A few days ago it was raining hard. I tried to give a wet homeless dude an umbrella. Before that I tried to give him shoes and socks. He only wanted the socks.
Later, I tried to give him my ex-gf’s umbrella and he didn’t want it. It was “Dennis the Menace” purple. 
I asked him twice, “are you sure, it’s OK.” Every time I asked, he would consider it and make body language like, yes. Yet, his head would pop up, his eyes would get big and he would say, “no thanks.” It was if every time he considered the help he would hear an oppressive voice or see a monster approaching. My friend said that he’s given the same guy some items and he never sees the guy with the items later. Know one knows what happens or what goes on after he receives the stuff. Not mad at him. I usually shrug and say, “oh well, nice try.”
Giving to others feels good. There’s no doubt about that. Simply trying to give when we can give feels good also. Maybe we are all oppressed curators.
At least the kids probably aren’t drug addicts. The old lady probably didn’t have a meth problem. Right?
Tell that to your ideals. Be grateful to give to that. 😂❤️🔥🫤
See you in idealist-hell or whatever is next neighbor. 👍❤️🔥😬
I think this is the cue that was missed.
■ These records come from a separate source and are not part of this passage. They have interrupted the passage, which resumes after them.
(* Let $C \subseteq \mathbb{R}^n$ be a nonempty closed convex set, let $\mathcal{H}$ be a hyperplane arrangement in $\mathbb{R}^n$, let $x \in \mathbb{R}^n$, and let $\delta$ be a convex distance function to $x$. Let $A$ be a pattern such that $R_A$ contains a point of $\operatorname{argmin}_{v \in C} \delta(v)$, and let $A'$ be a pattern with $R_{A'} \cap C \neq \emptyset$. Then there is a sequence of patterns $A = A^1, A^2, \dots, A^{k}, A^{k+1} = A'$ such that: (i) $A^i$ and $A^{i+1}$ are neighbors for all $i \in [k]$; (ii) $\operatorname{dist}(R_{A^i} \cap C) \le \operatorname{dist}(R_{A^{i+1}} \cap C)$ for all $i \in [k]$; (iii) $R_{A^i} \cap C \neq \emptyset$ for all $i \in [k+1]$.
   Context: A hyperplane is a set $\{v : a^\top v = b\}$ with $a \in \mathbb{R}^n\setminus\{0\}$, $b \in \mathbb{R}$; its halfspaces are $H^{\le} = \{v : a^\top v \le b\}$ and $H^{\ge} = \{v : a^\top v \ge b\}$. A hyperplane arrangement $\mathcal{H}$ is a finite set of hyperplanes, each with a fixed representation $(a,b)$. A pattern is a function $P : \mathcal{H} \to \{-1,1\}$, and its region is the closed polyhedron $R_P := \bigcap_{P(H)=-1} H^{\le} \cap \bigcap_{P(H)=1} H^{\ge}$. Two patterns are neighbors if they differ on exactly one hyperplane. A convex distance function to $x$ is a convex, continuous function $\delta : \mathbb{R}^n \to [0,\infty)$ with bounded sublevel sets and $\delta(x)=0$ (e.g. $\delta(v) = \|v - x\|_p$, $p \ge 1$); for a nonempty closed set $S$, $\operatorname{dist}(S) := \min_{v \in S} \delta(v)$. $[k] = \{1,\dots,k\}$. *)

From HB Require Import structures.
From mathcomp Require Import all_boot all_order all_algebra.
From mathcomp Require Import all_classical all_reals all_analysis.
Set Implicit Arguments. Unset Strict Implicit. Unset Printing Implicit Defensive.
Import Order.TTheory GRing.Theory Num.Theory.
Import numFieldNormedType.Exports.
Local Open Scope classical_set_scope.
Local Open Scope ring_scope.

Definition dotv {R : realType} {n : nat} (a v : 'rV[R]_n) : R :=
  \sum_(j < n) a ord0 j * v ord0 j.

Definition hyperplane {R : realType} {n : nat} (a : 'rV[R]_n) (b : R) : set 'rV[R]_n :=
  [set v | dotv a v = b].

Definition arrangement {R : realType} {n m : nat}
    (a : 'I_m -> 'rV[R]_n) (b : 'I_m -> R) : Prop :=
  (forall i, a i != 0) /\
  (forall i j, hyperplane (a i) (b i) = hyperplane (a j) (b j) -> i = j).

(* A pattern P : H -> {-1,1} is encoded as a function 'I_m -> bool,
   with [true] meaning +1 and [false] meaning -1. *)
Definition pattern (m : nat) := 'I_m -> bool.

Definition region {R : realType} {n m : nat}
    (a : 'I_m -> 'rV[R]_n) (b : 'I_m -> R) (P : pattern m) : set 'rV[R]_n :=
  [set v | forall i, if P i then b i <= dotv (a i) v else dotv (a i) v <= b i].

Definition neighbors {m : nat} (P Q : pattern m) : Prop :=
  #|[pred i | P i != Q i]| = 1%N.

Definition convex_set_of {R : realType} {n : nat} (C : set 'rV[R]_n) : Prop :=
  forall u v (t : R), C u -> C v -> 0 <= t -> t <= 1 ->
    C (t *: u + (1 - t) *: v).

Definition convex_fun_of {R : realType} {n : nat} (f : 'rV[R]_n -> R) : Prop :=
  forall u v (t : R), 0 <= t -> t <= 1 ->
    f (t *: u + (1 - t) *: v) <= t * f u + (1 - t) * f v.

Definition convex_distance {R : realType} {n : nat}
    (delta : 'rV[R]_n -> R) (x : 'rV[R]_n) : Prop :=
  [/\ convex_fun_of delta, continuous delta,
      (forall v, 0 <= delta v),
      (forall c : R, bounded_set [set v | delta v <= c]) &
      delta x = 0].

(* dist(S) = min_{v in S} delta v; for the nonempty closed sets considered
   the minimum exists, so it coincides with the infimum used here. *)
Definition dist {R : realType} {n : nat} (delta : 'rV[R]_n -> R)
    (S : set 'rV[R]_n) : R := inf [set delta v | v in S].

Definition argmin_on {R : realType} {n : nat} (delta : 'rV[R]_n -> R)
    (C : set 'rV[R]_n) : set 'rV[R]_n :=
  [set v | C v /\ forall w, C w -> delta v <= delta w].

From HB Require Import structures.
From mathcomp Require Import all_boot all_order all_algebra.
From mathcomp Require Import all_classical all_reals all_analysis.
From mathcomp Require Import ring lra.
Set Implicit Arguments. Unset Strict Implicit. Unset Printing Implicit Defensive.
Import Order.TTheory GRing.Theory Num.Theory.
Import numFieldNormedType.Exports.
Local Open Scope classical_set_scope.
Local Open Scope ring_scope.

(* Fix a minimiser z of delta on C lying in R_A.  We build the
   walk backwards from A' by induction on the number of hyperplanes on which
   the current pattern B disagrees with A.  For any w in R_B ∩ C, walk along
   the segment from w towards z: the first hyperplane H_i with B i <> A i that
   the segment meets yields a point p of R_{flip B i} ∩ C (convexity of C),
   and delta p <= delta w because delta is convex and delta z <= delta w.
   Choosing, among the finitely many such i, one minimising
   dist(R_{flip B i} ∩ C), we get a neighbour of B that is one step closer to
   A, meets C, and satisfies dist(R_{flip B i} ∩ C) <= dist(R_B ∩ C). *)

Lemma crossing_time (R : realFieldType) (g0 g1 : R) :
  0 <= g0 -> g1 <= 0 ->
  let T := g0 / (g0 - g1) in
  [/\ 0 <= T <= 1, T * g1 + (1 - T) * g0 = 0 &
      forall t, 0 <= t -> t <= T -> 0 <= t * g1 + (1 - t) * g0].
Proof.
move=> g0_ge0 g1_le0 T.
have affine t : t * g1 + (1 - t) * g0 = g0 - t * (g0 - g1) by ring.
have [d0|d_neq0] := eqVneq (g0 - g1) 0.
  have g0_0 : g0 = 0 by lra.
  rewrite /T d0 invr0 mulr0 lexx ler01; split => // [|t _ _];
    by rewrite affine d0 mulr0 g0_0 subr0.
have d_gt0 : 0 < g0 - g1 by rewrite lt_def d_neq0 /=; lra.
split.
- by rewrite /T divr_ge0 ?(ltW d_gt0) //= ler_pdivrMr // mul1r; lra.
- by rewrite affine /T -mulrA mulVf // mulr1 subrr.
- by move=> t _ tT; rewrite affine subr_ge0 -ler_pdivlMr.
Qed.

Section Regions.
Variables (R : realType) (n m : nat) (a : 'I_m -> 'rV[R]_n) (b : 'I_m -> R).

Lemma dotv_comb (c u v : 'rV[R]_n) (t : R) :
  dotv c (t *: u + (1 - t) *: v) = t * dotv c u + (1 - t) * dotv c v.
Proof.
rewrite /dotv !mulr_sumr -big_split /=; apply: eq_bigr => j _.
by rewrite !mxE; ring.
Qed.

Definition slack (B : pattern m) (j : 'I_m) (v : 'rV[R]_n) : R :=
  if B j then dotv (a j) v - b j else b j - dotv (a j) v.

Lemma slack_comb B j u v t :
  slack B j (t *: u + (1 - t) *: v) = t * slack B j u + (1 - t) * slack B j v.
Proof. by rewrite /slack dotv_comb; case: (B j); ring. Qed.

Lemma regionE (B : pattern m) v :
  region a b B v <-> forall j, 0 <= slack B j v.
Proof.
by split=> h j; have := h j; rewrite /slack; case: (B j); rewrite subr_ge0.
Qed.

Lemma slack_le0 (A B : pattern m) j v :
  region a b A v -> B j != A j -> slack B j v <= 0.
Proof.
move=> /(_ j); rewrite /slack.
by case: (B j); case: (A j) => //= h _; rewrite subr_le0.
Qed.

Definition flip (B : pattern m) (i : 'I_m) : pattern m :=
  fun j => if j == i then ~~ B j else B j.

Lemma slack_flip_at (B : pattern m) i v : slack (flip B i) i v = - slack B i v.
Proof. by rewrite /slack /flip eqxx; case: (B i) => /=; rewrite opprB. Qed.

Lemma slack_flip_off (B : pattern m) i j v :
  j != i -> slack (flip B i) j v = slack B j v.
Proof. by move=> j_neq_i; rewrite /slack /flip (negPf j_neq_i). Qed.

Lemma neighbors_flip (B : pattern m) i : neighbors (flip B i) B.
Proof.
rewrite /neighbors -(card1 i); apply: eq_card => j; rewrite !inE /flip.
by have [->|] := eqVneq j i; [case: (B i) | rewrite eqxx].
Qed.

(* Crossing lemma: moving from w in R_B towards a point z lying on the
   non-B side of every hyperplane of a nonempty family D (and on the B side
   of the others), one first meets some H_i, i in D, at a point of
   R_{flip B i}. *)
Lemma first_crossing (B : pattern m) (D : pred 'I_m) (w z : 'rV[R]_n) i1 :
  D i1 -> region a b B w ->
  (forall j, D j -> slack B j z <= 0) ->
  (forall j, ~~ D j -> 0 <= slack B j z) ->
  exists i t, [/\ D i, 0 <= t <= 1 & region a b (flip B i) (t *: z + (1 - t) *: w)].
Proof.
move=> Di1 /regionE w_in z_out z_in.
pose T j := slack B j w / (slack B j w - slack B j z).
have [i /= Di Tmin] := @arg_minP _ R _ i1 D T Di1.
have [t01 cross_i _] := crossing_time (w_in i) (z_out i Di).
exists i, (T i); split=> //; apply/regionE => j; rewrite slack_comb.
have [->|j_neq_i] := eqVneq j i.
  by rewrite !slack_flip_at !mulrN -opprD cross_i oppr0.
rewrite !slack_flip_off //.
have [Dj|nDj] := boolP (D j).
  have [_ _ before] := crossing_time (w_in j) (z_out j Dj).
  by apply: before (Tmin j Dj); case/andP: t01.
case/andP: t01 => t0 t1.
by rewrite addr_ge0 // mulr_ge0 // ?subr_ge0 // z_in.
Qed.

End Regions.

Definition disagree {m : nat} (A B : pattern m) : nat := #|[pred j | B j != A j]|.

Lemma disagree0 {m : nat} (A B : pattern m) : disagree A B = 0%N -> B = A.
Proof.
by move=> /card0_eq B_A; apply/funext => j; have /negbFE/eqP := B_A j.
Qed.

Lemma disagree_flip {m : nat} (A B : pattern m) i :
  B i != A i -> disagree A B = (disagree A (flip B i)).+1.
Proof.
move=> BAi; rewrite /disagree (cardD1 i) inE BAi add1n; congr _.+1.
apply: eq_card => j; rewrite !inE /flip.
by have [->|] := eqVneq j i; [by case: (B i) (A i) BAi => -[] | ].
Qed.

Section Descent.
Variables (R : realType) (n m : nat) (a : 'I_m -> 'rV[R]_n) (b : 'I_m -> R).
Variables (C : set 'rV[R]_n) (delta : 'rV[R]_n -> R) (A : pattern m).
Hypotheses (C_convex : convex_set_of C) (delta_convex : convex_fun_of delta).
Hypothesis delta_ge0 : forall v, 0 <= delta v.
Variable z : 'rV[R]_n.
Hypotheses (z_in_A : region a b A z) (Cz : C z).
Hypothesis z_min : forall w, C w -> delta z <= delta w.

Local Notation cell B := (region a b B `&` C).
Lemma dist_le (S : set 'rV[R]_n) v : S v -> dist delta S <= delta v.
Proof.
move=> Sv; apply: ge_inf; last by exists v.
by exists 0 => _ [u _ <-]; exact: delta_ge0.
Qed.

Lemma dist_ge (S : set 'rV[R]_n) c :
  S !=set0 -> (forall v, S v -> c <= delta v) -> c <= dist delta S.
Proof.
move=> [v Sv] c_lb; apply: lb_le_inf; first by exists (delta v), v.
by move=> _ [u Su <-]; exact: c_lb.
Qed.

Lemma flip_toward_min (B : pattern m) i1 w :
  B i1 != A i1 -> cell B w ->
  exists i, B i != A i /\ exists p, cell (flip B i) p /\ delta p <= delta w.
Proof.
move=> BAi1 [Bw Cw].
have z_out j : B j != A j -> slack a b B j z <= 0 by apply: slack_le0.
have z_in j : ~~ (B j != A j) -> 0 <= slack a b B j z.
  by rewrite negbK => /eqP BAj; move/regionE: z_in_A => /(_ j); rewrite /slack BAj.
have [i [t [BAi /andP[t0 t1] cross]]] :=
  first_crossing (D := [pred j | B j != A j]) BAi1 Bw z_out z_in.
exists i; split=> //; exists (t *: z + (1 - t) *: w); split; first split=> //.
  exact: C_convex.
apply: le_trans (delta_convex _ _ t0 t1) _.
by have := ler_wpM2l t0 (z_min Cw); lra.
Qed.

Lemma descent_step (B : pattern m) i1 :
  B i1 != A i1 -> cell B !=set0 ->
  exists i, [/\ B i != A i, cell (flip B i) !=set0 &
                dist delta (cell (flip B i)) <= dist delta (cell B)].
Proof.
move=> BAi1 [w0 Bw0].
pose feasible := [pred i | (B i != A i) && `[< cell (flip B i) !=set0 >]].
have [i [BAi [p [Bp _]]]] := flip_toward_min BAi1 Bw0.
have feasible_i : feasible i by rewrite /= BAi; apply/asboolP; exists p.
have [i0 /= /andP[BAi0 /asboolP ne_i0] i0_min] :=
  @arg_minP _ R _ i feasible (fun i => dist delta (cell (flip B i))) feasible_i.
exists i0; split=> //; apply: dist_ge; first by exists w0.
move=> v Bv; have [j [BAj [q [Bq dq]]]] := flip_toward_min BAi1 Bv.
have feasible_j : feasible j by rewrite /= BAj; apply/asboolP; exists q.
by apply: le_trans (i0_min j feasible_j) _; apply: le_trans dq; exact: dist_le.
Qed.

Definition descending_walk (B : pattern m) (k : nat) (s : nat -> pattern m) : Prop :=
  [/\ s 0%N = A, s k = B,
      (forall i, (i < k)%N -> neighbors (s i) (s i.+1)),
      (forall i, (i < k)%N ->
         dist delta (cell (s i)) <= dist delta (cell (s i.+1))) &
      (forall i, (i <= k)%N -> cell (s i) !=set0)].

Lemma walk_snoc (B' B : pattern m) k s :
  descending_walk B' k s -> neighbors B' B ->
  dist delta (cell B') <= dist delta (cell B) -> cell B !=set0 ->
  descending_walk B k.+1 (fun i => if (i <= k)%N then s i else B).
Proof.
move=> [s0 sk s_nb s_dist s_ne] nb d_le B_ne; split=> /= [||i|i|i].
- exact: s0.
- by rewrite ltnn.
- rewrite ltnS; case: (ltngtP i k) => // [ik _|-> _]; first exact: s_nb.
  by rewrite sk.
- rewrite ltnS; case: (ltngtP i k) => // [ik _|-> _]; first exact: s_dist.
  by rewrite sk.
- by case: (leqP i k) => [ik _|_ _]; [exact: s_ne | exact: B_ne].
Qed.

Lemma descending_walk_exists (B : pattern m) :
  cell B !=set0 -> exists k s, descending_walk B k s.
Proof.
move dB: (disagree A B) => d; elim: d B dB => [|d IH] B dB B_ne.
  move/disagree0: dB B_ne => -> A_ne.
  by exists 0%N, (fun=> A); split.
have /card_gt0P [i1 BAi1] : (0 < disagree A B)%N by rewrite dB.
have [i [BAi ne_flip d_flip]] := descent_step BAi1 B_ne.
have d_B' : disagree A (flip B i) = d by move: dB; rewrite (disagree_flip BAi) => -[].
have [k [s walk]] := IH _ d_B' ne_flip.
exists k.+1; eexists; exact: (walk_snoc walk (neighbors_flip B i) d_flip B_ne).
Qed.

End Descent.

Theorem mainTheorem4 (R : realType) (n m : nat)
    (C : set 'rV[R]_n) (a : 'I_m -> 'rV[R]_n) (b : 'I_m -> R)
    (x : 'rV[R]_n) (delta : 'rV[R]_n -> R) (A A' : pattern m) :
  C !=set0 -> closed C -> convex_set_of C ->
  arrangement a b ->
  convex_distance delta x ->
  (region a b A `&` argmin_on delta C) !=set0 ->
  (region a b A' `&` C) !=set0 ->
  exists (k : nat) (s : nat -> pattern m),
    [/\ s 0%N = A, s k = A',
        (forall i, (i < k)%N -> neighbors (s i) (s i.+1)),
        (forall i, (i < k)%N ->
           dist delta (region a b (s i) `&` C) <=
           dist delta (region a b (s i.+1) `&` C)) &
        (forall i, (i <= k)%N -> (region a b (s i) `&` C) !=set0)].
Proof.
move=> _ _ C_convex _ [delta_convex _ delta_ge0 _ _] [z [z_in_A [Cz z_min]]] A'_ne.
exact: (descending_walk_exists C_convex delta_convex delta_ge0 z_in_A Cz z_min A'_ne).
Qed.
While they may need it, and as irrational as this sounds, the one you're giving help to is still a man and has some pride left not to be pitied. I'm sure stepping on that pride by giving gifts wasn't your intention but on his point of view, it must've been embarrassing to take too much of the favor. Pride, if there was one involved in that situation, is irrational and counterproductive but I'm sure he can understand the gesture if he didn't bite you for doing good. What I do is find a means for an even trade, don't give too much and don't give it without a trade off (for cases when I know the other person is likely to reject but still need it).
An example, a neighbor that had a scrawny kid in the past and shabby shelter living next door spells out the family ain't having enough nutritional foods to live by. Being the good neighbor, giving them food occasionally is the right thing to do but doing it often can make them dependent and lean towards entitlement, or be resentful that they are being pitied, pride works in irrational ways but this is what happens when you give too much even with good intentions. The approach was asking for stuff they can reasonably provide in return. I recall my mother/father would just ask for rock salt/sugar/spices and claim they forgot to buy one off the market just to give the other party a means to pay the favor back.
I see heroes don't really see their provider roles as a problem because they judge themselves for their own good intentions. But being a one sided giver can sometimes encourage resentment because people don't want to feel being pitied. Maybe that's what the other person felt when they turned some of your offers down, maybe.
I imagined the guy selling/trading the items for stuff he might have needed.
Fortunately, meth isn't a common problem for most street dwellers unless they live in big cities.
Thanks for your insight here!
Great ideas and truths. Thanks.
I don’t think he had anything other than more rainwater to trade with. Hmmm, I guess I could’ve asked him to teach me a word from his native language in exchange for the umbrella. (he seemed to have nothing except wet clothing, and a place to stand under a liquor stores awning.)